# Ahoy



## Flood Light Forty

Hey guys. I'm a long time follower of the forums if a couple months is a long time.

I have some intimacy issues I'd like to ask about. Otherwise, we have been happily married for 16 years.


----------



## EleGirl

Hi!

What are these issues?


----------



## Flood Light Forty

Our sex life has declined greatly. We do it maybe once per month. It always ends with her crying because she has pains after going for more than 30 minutes.


----------



## EleGirl

How long have the two of you been married? 

Do you have any children?

How old are the two of you?

Has she seen a doctor about the pain?


----------



## Adelais

1. If you only make love once a month, and then they are long sessions no wonder she has pains. Her insides are not used to being stretched or banged on anymore. If you increase the frequency, and go for shorter, gentler sessions, her body may adapt to you.

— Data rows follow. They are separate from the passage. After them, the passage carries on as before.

(* The classical argument: [gauss_aux y + (int_0^y e^(-x^2) dx)^2] has derivative [0]. *)
Lemma gauss_aux_add_sq y : gauss_aux y + prim gauss y ^ 2 = PI / 4.
Proof.
  set (h := fun y => gauss_aux y + prim gauss y * prim gauss y).
  assert (hd : forall y, derivable_pt_lim h y 0).
  { intros z. replace 0 with (-2 * gauss z * prim gauss z + (gauss z * prim gauss z + prim gauss z * gauss z))
      by ring.
    apply derivable_pt_lim_plus; [apply derivable_pt_lim_gauss_aux|].
    apply derivable_pt_lim_mult; apply derivable_pt_lim_prim, continuity_gauss. }
  assert (hconst : h y = h 0).
  { destruct (MVT_gen h 0 y (fun _ => 0)) as [z [_ hz]].
    - intros; apply is_derive_Reals, hd.
    - intros; apply derivable_continuous_pt. exists 0. apply hd.
    - simpl in hz. lra. }
  assert (h0 : h 0 = PI / 4).
  { unfold h, gauss_aux, prim. rewrite RInt_point. simpl. unfold zero; simpl.
    rewrite (RInt_derivable_pt_lim atan).
    - rewrite atan_1, atan_0. ring.
    - intros u _. replace (gauss_kernel 0 u) with (/ (1 + u ^ 2)).
      + apply derivable_pt_lim_atan.
      + unfold gauss_kernel. replace (- 0 ^ 2 * (1 + u ^ 2)) with 0 by ring. rewrite exp_0. field.
        assert (0 <= u ^ 2) by apply pow2_ge_0. lra.
    - intros; apply continuity_gauss_kernel. }
  unfold h in hconst, h0. simpl. lra.
Qed.

Lemma filterlim_prim_gauss : filterlim (prim gauss) (Rbar_locally p_infty) (locally (sqrt PI / 2)).
Proof.
  assert (hPI := PI_RGT_0).
  assert (haux : filterlim gauss_aux (Rbar_locally p_infty) (locally 0)).
  { apply (proj2 (filterlim_Rabs _ _ _)). intros eps he.
    exists (Rmax 1 (/ eps)). intros y hy.
    assert (H1 := Rmax_l 1 (/ eps)). assert (H2 := Rmax_r 1 (/ eps)).
    destruct (gauss_aux_bounds y) as [hk0 hk1]. rewrite Rminus_0_r, Rabs_right by lra.
    assert (exp (- y ^ 2) <= exp (- y)) by (apply exp_le_mono; simpl; nra).
    assert (exp (- y) < / (1 + y)).
    { rewrite exp_Ropp. apply Rinv_lt_contravar; [assert (Hep := exp_pos y); nra|]. apply exp_ineq1. lra. }
    assert (/ (1 + y) < eps).
    { apply (Rmult_lt_reg_r (1 + y)); [lra|]. rewrite Rinv_l by lra.
      assert (/ eps * eps = 1) by (field; lra). nra. }
    unfold gauss in hk1. lra. }
  apply (filterlim_ext_loc (fun y => sqrt (1 * (PI / 4) + (-1) * gauss_aux y))).
  - exists 0. intros y hy. rewrite <- (gauss_aux_add_sq y).
    replace (1 * (gauss_aux y + prim gauss y ^ 2) + -1 * gauss_aux y) with (prim gauss y * prim gauss y)
      by ring.
    apply sqrt_square, prim_gauss_bounds. lra.
  - replace (sqrt PI / 2) with (sqrt (1 * (PI / 4) + (-1) * 0)).
    + apply filterlim_comp with (1 := filterlim_lin (fun _ => PI / 4) gauss_aux (PI / 4) 0 1 (-1)
                                        (filterlim_const _) haux).
      apply continuity_pt_filterlim, continuity_pt_sqrt. lra.
    + replace (1 * (PI / 4) + -1 * 0) with (PI / (2 * 2)) by field.
      rewrite sqrt_div_alt, sqrt_square by lra. reflexivity.
Qed.

Lemma Gamma_half : Gamma (1 / 2) = sqrt PI.
Proof.
  assert (cE : continuity (prim gauss))
    by (apply (continuity_of_derivable_pt_lim _ gauss); intros;
        apply derivable_pt_lim_prim, continuity_gauss).
  apply Gamma_unique, is_int_0_inf_of_filterlim; [intros; apply ex_RInt_gamma_integrand; auto|].
  apply (filterlim_ext_loc (fun z => -2 * prim gauss (sqrt (fst z)) + 2 * prim gauss (sqrt (snd z)))).
  - apply at_0_pinfty_intro. exists 1, 1. split; [lra|]. intros e M he hM. simpl. symmetry.
    replace (-2 * prim gauss (sqrt e) + 2 * prim gauss (sqrt M))
      with (2 * prim gauss (sqrt M) - 2 * prim gauss (sqrt e)) by ring.
    apply (RInt_derivable_pt_lim (fun t => 2 * prim gauss (sqrt t))).
    + intros u hu. rewrite Rmin_left in hu by lra. assert (hsq : 0 < sqrt u) by (apply sqrt_lt_R0; lra).
      replace (gamma_integrand (1 / 2) u) with (2 * (gauss (sqrt u) * / (2 * sqrt u))).
      * apply (derivable_pt_lim_scal (fun t => prim gauss (sqrt t))).
        apply (derivable_pt_lim_comp sqrt (prim gauss)).
        -- apply derivable_pt_lim_sqrt. lra.
        -- apply derivable_pt_lim_prim, continuity_gauss.
      * unfold gamma_integrand, gauss. rewrite pow2_sqrt by lra.
        replace (1 / 2 - 1) with (- / 2) by field. rewrite Rpower_Ropp, Rpower_sqrt by lra.
        field. lra.
    + intros u hu. rewrite Rmin_left in hu by lra. apply continuity_pt_gamma_integrand. lra.
  - replace (sqrt PI) with (-2 * 0 + 2 * (sqrt PI / 2)) by field.
    apply (filterlim_at_0_pinfty_lin (fun e => prim gauss (sqrt e)) (fun M => prim gauss (sqrt M))).
    + replace 0 with (prim gauss (sqrt 0)) at 2
        by (rewrite sqrt_0; unfold prim; rewrite RInt_point; reflexivity).
      apply (filterlim_filter_le_1 (F := locally 0)); [apply filter_le_within|].
      apply (proj1 (continuity_pt_filterlim (fun e => prim gauss (sqrt e)) 0)).
      apply (continuity_pt_comp sqrt (prim gauss)); [|apply cE].
      apply continuity_pt_sqrt. lra.
    + apply filterlim_comp with (1 := filterlim_sqrt_p). apply filterlim_prim_gauss.
Qed.

Lemma Beta_half_factor a : 0 < a ->
  2 / Beta a (1 / 2) * (1 / (2 * a)) = Gamma (a + 1 / 2) / (sqrt PI * Gamma (a + 1)).
Proof.
  intros ha. unfold Beta. rewrite Gamma_succ, Gamma_half by auto.
  unfold Rdiv. rewrite !Rinv_mult, Rinv_inv.
  transitivity ((2 * / 2) * (Gamma (a + 1 * / 2) * / sqrt PI * / a * / Gamma a)); [ring|].
  rewrite Rinv_r by lra. ring.
Qed.

Lemma v_sol_eq alpha c g : 0 < c -> continuity g ->
  v_sol alpha c g = fun x s => 2 / Beta alpha (1 / 2) * Jint alpha (fun u => wave c g x (u * s)).
Proof.
  intros hc hg. apply functional_extensionality; intros x. apply functional_extensionality; intros s.
  unfold v_sol, Jint. do 3 f_equal. apply functional_extensionality; intros u.
  rewrite wave_sol_eq; auto.
Qed.

Lemma right_deriv_of_derivable_pt_lim f x l : derivable_pt_lim f x l -> right_deriv f x l.
Proof.
  intros h eps he. destruct (h eps he) as [d hd]. exists d. split; [apply cond_pos|].
  intros k hk. apply hd; [lra| rewrite Rabs_right; lra].
Qed.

2. Or she could have a cyst, tumor, or something else going on inside.

Get her to a gynecologist and find out if her insides are alright and then proceed from there.


----------



## Flood Light Forty

EleGirl said:


> How long have the two of you been married?
> 
> Do you have any children?
> 
> How old are the two of you?
> 
> Has she seen a doctor about the pain?


No children. She is unable.
We are in our late 40s




Araucaria said:


> 1. If you only make love once a month, and then they are long sessions no wonder she has pains. Her insides are not used to being stretched or banged on anymore. If you increase the frequency, and go for shorter, gentler sessions, her body may adapt to you.
> 
> 2. Or she could have a cyst, tumor, or something else going on inside.
> 
> Get her to a gynecologist and find out if her insides are alright and then proceed from there.


She does have the occasional cyst, but no other issues according to the doctor.

This is different. She never wants to now. Even with large amounts of lube, we have issues.

I honestly don't think it's painful for her at this point. I think it has just became a go to excuse. She treats me different lately. She seems cold and distant, but says nothing is wrong.


----------



## sokillme

Flood Light Forty said:


> Our sex life has declined greatly. We do it maybe once per month. It always ends with her crying because she has pains after going for more than 30 minutes.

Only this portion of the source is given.